● **YOUR TASK**:
Please transcribe the data that follows exactly, from its first line through the line that contains "set (m := vadd".

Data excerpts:
++++
(* Strict convexity: a functional exposes at most one unit vector, since it
   would otherwise exceed 1 on the normalized midpoint of the two. *)
Lemma exposed_unit_vector_unique (f : functional) (x y : vec) :
  N x = 1 -> N y = 1 -> x <> y -> exposes f x -> exposes f y -> False.
Proof.
  intros Hx Hy Hne [Hb fx] [_ fy].
  assert (Ht : 0 < 1 / 2 < 1) by lra.
  pose proof (Hsc x y Hne Hx Hy _ Ht) as Hm.
  set (m := vadd (vscale (1 / 2) x) (vscale (1 - 1 / 2) y)) in *.
  assert (fm : fapp f m = 1) by (unfold m; coords; nra).
  assert (Pm : 0 < N m).
  { apply norm_pos; intro E; rewrite E in fm; coords; lra. }
  assert (Nz : N (vscale (/ N m) m) <= 1).
  { rewrite (norm_hom N HN), Rabs_right; [right; field; lra |].
    left; apply Rinv_0_lt_compat, Pm. }
  pose proof (Hb _ Nz) as H.
  replace (fapp f (vscale (/ N m) m)) with (/ N m * fapp f m) in H by (coords; ring).
  rewrite fm in H.
  assert (N m * / N m = 1) by (field; lra).
  nra.
Qed.

(* Functionals exposing two unit vectors that are neither equal nor
   antipodal are linearly independent: a proportional g = c f would force
   c = 1 or c = -1, so f would expose y or -y as well as x. *)
Lemma exposing_functionals_independent (x y : vec) (f g : functional) :
  N x = 1 -> N y = 1 -> x <> y -> x <> vscale (-1) y ->
  exposes f x -> exposes g y -> det f g <> 0.
Proof.
  intros Hx Hy Hne Hanti Ef Eg D.
  destruct (det_zero_parallel _ _ D) as [Z | [c Hc]].
  { destruct Ef as [_ fx]; rewrite Z in fx; coords; lra. }
  assert (Hg : forall z, fapp g z = c * fapp f z) by (intro z; subst g; coords; ring).
  destruct Ef as [Bf fx], Eg as [Bg gy].
  assert (Nmx : N (vscale (-1) x) <= 1) by (rewrite norm_opp; lra).
  assert (Nmy : N (vscale (-1) y) <= 1) by (rewrite norm_opp; lra).
  assert (fmx : fapp f (vscale (-1) x) = -1) by (coords; lra).
  assert (fmy : fapp f (vscale (-1) y) = - fapp f y) by (coords; ring).
  pose proof (Bg x (Req_le _ _ Hx)) as h1.
  pose proof (Bg _ Nmx) as h2.
  pose proof (Bf y (Req_le _ _ Hy)) as h3.
  pose proof (Bf _ Nmy) as h4.
  rewrite Hg, fx in h1; rewrite Hg, fmx in h2; rewrite fmy in h4; rewrite Hg in gy.
  assert (Hc1 : c = 1 \/ c = -1) by (destruct (Rle_lt_dec 0 c); [left | right]; nra).
  assert (Efx : exposes f x) by (split; auto).
  destruct Hc1; subst c.
  - apply (exposed_unit_vector_unique f x y); auto; split; auto; lra.
  - apply (exposed_unit_vector_unique f x (vscale (-1) y)); auto.
    + rewrite norm_opp; exact Hy.
    + split; auto; lra.
Qed.

Lemma normalize_not_parallel (u w : vec) :
  0 < N u -> 0 < N w -> det u w <> 0 ->
  normalize N u <> normalize N w /\
  normalize N u <> vscale (-1) (normalize N w).
Proof.
  intros Ha Hb D; set (a := N u) in *; set (b := N w) in *.
  assert (Hab : / a * / b <> 0)
    by (apply Rmult_integral_contrapositive; split; apply Rinv_neq_0_compat; lra).
  unfold normalize, vscale; fold a b.
  split; intro E; injection E; intros E2 E1; apply D;
    apply Rmult_eq_reg_l with (/ a * / b); auto; unfold det;
    replace (/ a * / b * (fst u * snd w - snd u * fst w))
      with ((/ a * fst u) * (/ b * snd w) - (/ a * snd u) * (/ b * fst w)) by ring;
    rewrite E1, E2; ring.
Qed.

Lemma support_functionals_independent (u w : vec) (f g : functional) :
  det u w <> 0 ->
  support_functional N (normalize N u) f ->
  support_functional N (normalize N w) g ->
  det f g <> 0.
Proof.
  intros D Sf Sg.
  assert (Hu : 0 < N u) by (apply norm_pos; intro E; subst; apply D; coords; ring).
  assert (Hw : 0 < N w) by (apply norm_pos; intro E; subst; apply D; coords; ring).
  destruct (normalize_not_parallel u w Hu Hw D) as [Hne Hanti].
  apply (exposing_functionals_independent _ _ _ _
           (norm_normalize u Hu) (norm_normalize w Hw) Hne Hanti);
    apply support_functional_exposes; auto; apply norm_normalize; auto.
Qed.

End NormedPlane.

Lemma fapp_vsub (f : functional) (x y : vec) : fapp f (vsub x y) = fapp f x - fapp f y.
Proof. coords; ring. Qed.

Lemma fapp_vscale (f : functional) (c : R) (x : vec) : fapp f (vscale c x) = c * fapp f x.
Proof. coords; ring. Qed.

Lemma fapp_vzero (f : functional) : fapp f vzero = 0.
Proof. coords; ring. Qed.

Lemma cramer (f g : functional) :
  det f g <> 0 -> forall r s, exists z, fapp f z = r /\ fapp g z = s.
Proof.
  unfold det; intros D r s.
  exists ((r * snd g - s * snd f) / (fst f * snd g - snd f * fst g),
          (fst f * s - fst g * r) / (fst f * snd g - snd f * fst g)).
  unfold fapp; simpl; split; field; exact D.
Qed.

Lemma K4e_system_solvable (phi : E5 -> functional) (w : vec) :
  det (phi e12) (phi e13) <> 0 -> det (phi e24) (phi e34) <> 0 ->
  fapp (phi e23) w = 1 ->
  forall b : E5 -> R, exists u : V4 -> vec,
    forall e, fapp (phi e) (vsub (u (esrc e)) (u (edst e))) = b e.
Proof.
  intros F1 F4 Hw b.
  set (u3 := vscale (- b e23) w).
  destruct (cramer _ _ F1 (b e12) (b e13 + fapp (phi e13) u3)) as [z1 [Z1 Z2]].
  destruct (cramer _ _ F4 (- b e24) (fapp (phi e34) u3 - b e34)) as [z4 [Z3 Z4]].
  exists (fun v => match v with v1 => z1 | v2 => vzero | v3 => u3 | v4 => z4 end).
  intro e; destruct e; cbn [esrc edst]; rewrite fapp_vsub, ?fapp_vzero; try lra.
  unfold u3; rewrite fapp_vscale, Hw; ring.
Qed.

Lemma cycle3_general_position_lengths (N : vec -> R) (HN : is_norm N)
  (Hsc : strictly_convex N) (p q : placement) :
  cycle3_general_position p ->
  (forall e : E5, N (vsub (q (esrc e)) (q (edst e))) = N (vsub (p (esrc e)) (p (edst e)))) ->
  cycle3_general_position q.
Proof.
  intros [H123 H234] Hq.
  rewrite affinely_independent3_det in H123, H234.
  pose proof (Hq e12); pose proof (Hq e13); pose proof (Hq e23);
  pose proof (Hq e24); pose proof (Hq e34); cbn [esrc edst] in *.
  split; apply affinely_independent3_det.
  - apply (triangle_lengths_nondegenerate N HN Hsc (p v1) (p v2) (p v3)); auto.
  - apply (triangle_lengths_nondegenerate N HN Hsc (p v2) (p v3) (p v4)); auto.
Qed.

Lemma cycle3_general_position_independent (N : vec -> R) (HN : is_norm N)
  (Hsc : strictly_convex N) (p : placement) :
  cycle3_general_position p -> independent N p.
Proof.
  intros [H123 H234] phi Hphi.
  rewrite affinely_independent3_det in H123, H234.
  assert (P23 : 0 < N (vsub (p v2) (p v3))).
  { apply (norm_pos N HN); intro E; apply vsub_eq_zero in E.
    apply H123; rewrite E; coords; ring. }
  apply (K4e_system_solvable phi (normalize N (vsub (p v2) (p v3)))).
  - apply (support_functionals_independent N HN Hsc
             (vsub (p v1) (p v2)) (vsub (p v1) (p v3))); [| apply Hphi ..].
    intro E; apply H123; coords; lra.
  - apply (support_functionals_independent N HN Hsc
             (vsub (p v2) (p v4)) (vsub (p v3) (p v4))); [| apply Hphi ..].
    intro E; apply H234; coords; lra.
  - apply (support_functional_exposes N), (Hphi e23).
    apply (norm_normalize N HN), P23.
Qed.

Theorem mainTheorem18 (N : vec -> R) (HN : is_norm N) (Hsc : strictly_convex N)
  (p : placement) (Hp : cycle3_general_position p) :
  (forall q : placement,
     (forall e : E5, N (vsub (q (esrc e)) (q (edst e))) = N (vsub (p (esrc e)) (p (edst e)))) ->
     cycle3_general_position q) /\
  (well_positioned N p -> independent N p).
Proof.
  split.
  - intros q Hq; exact (cycle3_general_position_lengths N HN Hsc p q Hp Hq).
  - intros _; exact (cycle3_general_position_independent N HN Hsc p Hp).
Qed.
++++
● **EXERCISE RESPONSE**:
(* Strict convexity: a functional exposes at most one unit vector, since it
   would otherwise exceed 1 on the normalized midpoint of the two. *)
Lemma exposed_unit_vector_unique (f : functional) (x y : vec) :
  N x = 1 -> N y = 1 -> x <> y -> exposes f x -> exposes f y -> False.
Proof.
  intros Hx Hy Hne [Hb fx] [_ fy].
  assert (Ht : 0 < 1 / 2 < 1) by lra.
  pose proof (Hsc x y Hne Hx Hy _ Ht) as Hm.
  set (m := vadd (vscale (1 / 2) x) (vscale (1 - 1 / 2) y)) in *.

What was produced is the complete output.